→ Brief
Copy out the entries that follow. Leave none out.

(Stored records)
(* Let $\beta=\beta(s)$ be a unit speed semi-real quaternionic curve in $\mathcal{Q}_v$ with non-zero curvatures $\kappa(s)$, $k(s)$ and $(r-\varepsilon_t\varepsilon_T\varepsilon_{N_1}\kappa)(s)$. Then $\beta$ is congruent to a semi-real quaternionic rectifying curve if and only if, for some $c\in\mathbb{R}$, $$\varepsilon_t\varepsilon_{n_1}\varepsilon_{N_1}\frac{\kappa(s)(r-\varepsilon_t\varepsilon_T\varepsilon_{N_1}\kappa)(s)\,(s+c)}{k(s)}+\varepsilon_t\varepsilon_{n_2}\varepsilon_{N_1}\left[\frac{\kappa(s)k(s)+(s+c)[\kappa'(s)k(s)-\kappa(s)k'(s)]}{k^2(s)(r-\varepsilon_t\varepsilon_T\varepsilon_{N_1}\kappa)(s)}\right]'=0.$$
   Context: $\mathcal{Q}_v$ denotes the semi-real quaternions, identified with the semi-Euclidean space $\mathbb{R}^4_2$ with inner product $h(p,q)=p_1q_1+p_2q_2-p_3q_3-p_4q_4$. A semi-real quaternionic curve $\beta:I\to\mathcal{Q}_v$ is unit speed (pseudo arc length $s$) if $T=\beta'$ satisfies $h(T,T)=\varepsilon_T=\pm1$. Its non-null Serret–Frenet frame $\{T,N_1,N_2,N_3\}$ satisfies $T'=\varepsilon_{N_1}\kappa N_1$, $N_1'=-\varepsilon_t\varepsilon_{N_1}\kappa T+\varepsilon_{n_1}kN_2$, $N_2'=-\varepsilon_t kN_1+\varepsilon_{n_1}(r-\varepsilon_t\varepsilon_T\varepsilon_{N_1}\kappa)N_3$, $N_3'=-\varepsilon_{n_2}(r-\varepsilon_t\varepsilon_T\varepsilon_{N_1}\kappa)N_2$, where $\kappa=\varepsilon_{N_1}\|T'\|$ is the principal curvature of $\beta$; $k$ and $r$ are the principal curvature and torsion of the associated semi-real spatial quaternionic curve $\alpha$ in $\mathbb{R}^3_1$ whose Frenet frame $\{\mathbf{t},\mathbf{n}_1,\mathbf{n}_2\}$ has signs $h(\mathbf{t},\mathbf{t})=\varepsilon_t$, $h(\mathbf{n}_1,\mathbf{n}_1)=\varepsilon_{n_1}$, $h(\mathbf{n}_2,\mathbf{n}_2)=\varepsilon_{n_2}$, related to $\beta$'s frame by $N_1=\varepsilon_T(\mathbf{t}\times T)$, $N_2=\varepsilon_T(\mathbf{n}_1\times T)$, $N_3=\varepsilon_T(\mathbf{n}_2\times T)$ ($\times$ the semi-real quaternion product); moreover $h(N_1,N_1)=\varepsilon_{N_1}$, $h(N_2,N_2)=\varepsilon_{n_1}\varepsilon_T$, $h(N_3,N_3)=\varepsilon_{n_2}\varepsilon_T$. Thus $k$ is the torsion and $r-\varepsilon_t\varepsilon_T\varepsilon_{N_1}\kappa$ the bitorsion of $\beta$. $\beta$ is a semi-real quaternionic rectifying curve if $\beta(s)=\lambda(s)T(s)+\mu(s)N_2(s)+\nu(s)N_3(s)$ for some differentiable functions $\lambda,\mu,\nu$; congruent means equal up to a rigid motion (here a translation). *)

From Stdlib Require Import Reals.
From Coquelicot Require Import Coquelicot.
Open Scope R_scope.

→ Solution for this task
(* Let $\beta=\beta(s)$ be a unit speed semi-real quaternionic curve in $\mathcal{Q}_v$ with non-zero curvatures $\kappa(s)$, $k(s)$ and $(r-\varepsilon_t\varepsilon_T\varepsilon_{N_1}\kappa)(s)$. Then $\beta$ is congruent to a semi-real quaternionic rectifying curve if and only if, for some $c\in\mathbb{R}$, $$\varepsilon_t\varepsilon_{n_1}\varepsilon_{N_1}\frac{\kappa(s)(r-\varepsilon_t\varepsilon_T\varepsilon_{N_1}\kappa)(s)\,(s+c)}{k(s)}+\varepsilon_t\varepsilon_{n_2}\varepsilon_{N_1}\left[\frac{\kappa(s)k(s)+(s+c)[\kappa'(s)k(s)-\kappa(s)k'(s)]}{k^2(s)(r-\varepsilon_t\varepsilon_T\varepsilon_{N_1}\kappa)(s)}\right]'=0.$$
   Context: $\mathcal{Q}_v$ denotes the semi-real quaternions, identified with the semi-Euclidean space $\mathbb{R}^4_2$ with inner product $h(p,q)=p_1q_1+p_2q_2-p_3q_3-p_4q_4$. A semi-real quaternionic curve $\beta:I\to\mathcal{Q}_v$ is unit speed (pseudo arc length $s$) if $T=\beta'$ satisfies $h(T,T)=\varepsilon_T=\pm1$. Its non-null Serret–Frenet frame $\{T,N_1,N_2,N_3\}$ satisfies $T'=\varepsilon_{N_1}\kappa N_1$, $N_1'=-\varepsilon_t\varepsilon_{N_1}\kappa T+\varepsilon_{n_1}kN_2$, $N_2'=-\varepsilon_t kN_1+\varepsilon_{n_1}(r-\varepsilon_t\varepsilon_T\varepsilon_{N_1}\kappa)N_3$, $N_3'=-\varepsilon_{n_2}(r-\varepsilon_t\varepsilon_T\varepsilon_{N_1}\kappa)N_2$, where $\kappa=\varepsilon_{N_1}\|T'\|$ is the principal curvature of $\beta$; $k$ and $r$ are the principal curvature and torsion of the associated semi-real spatial quaternionic curve $\alpha$ in $\mathbb{R}^3_1$ whose Frenet frame $\{\mathbf{t},\mathbf{n}_1,\mathbf{n}_2\}$ has signs $h(\mathbf{t},\mathbf{t})=\varepsilon_t$, $h(\mathbf{n}_1,\mathbf{n}_1)=\varepsilon_{n_1}$, $h(\mathbf{n}_2,\mathbf{n}_2)=\varepsilon_{n_2}$, related to $\beta$'s frame by $N_1=\varepsilon_T(\mathbf{t}\times T)$, $N_2=\varepsilon_T(\mathbf{n}_1\times T)$, $N_3=\varepsilon_T(\mathbf{n}_2\times T)$ ($\times$ the semi-real quaternion product); moreover $h(N_1,N_1)=\varepsilon_{N_1}$, $h(N_2,N_2)=\varepsilon_{n_1}\varepsilon_T$, $h(N_3,N_3)=\varepsilon_{n_2}\varepsilon_T$. Thus $k$ is the torsion and $r-\varepsilon_t\varepsilon_T\varepsilon_{N_1}\kappa$ the bitorsion of $\beta$. $\beta$ is a semi-real quaternionic rectifying curve if $\beta(s)=\lambda(s)T(s)+\mu(s)N_2(s)+\nu(s)N_3(s)$ for some differentiable functions $\lambda,\mu,\nu$; congruent means equal up to a rigid motion (here a translation). *)

From Stdlib Require Import Reals.
From Coquelicot Require Import Coquelicot.
Open Scope R_scope.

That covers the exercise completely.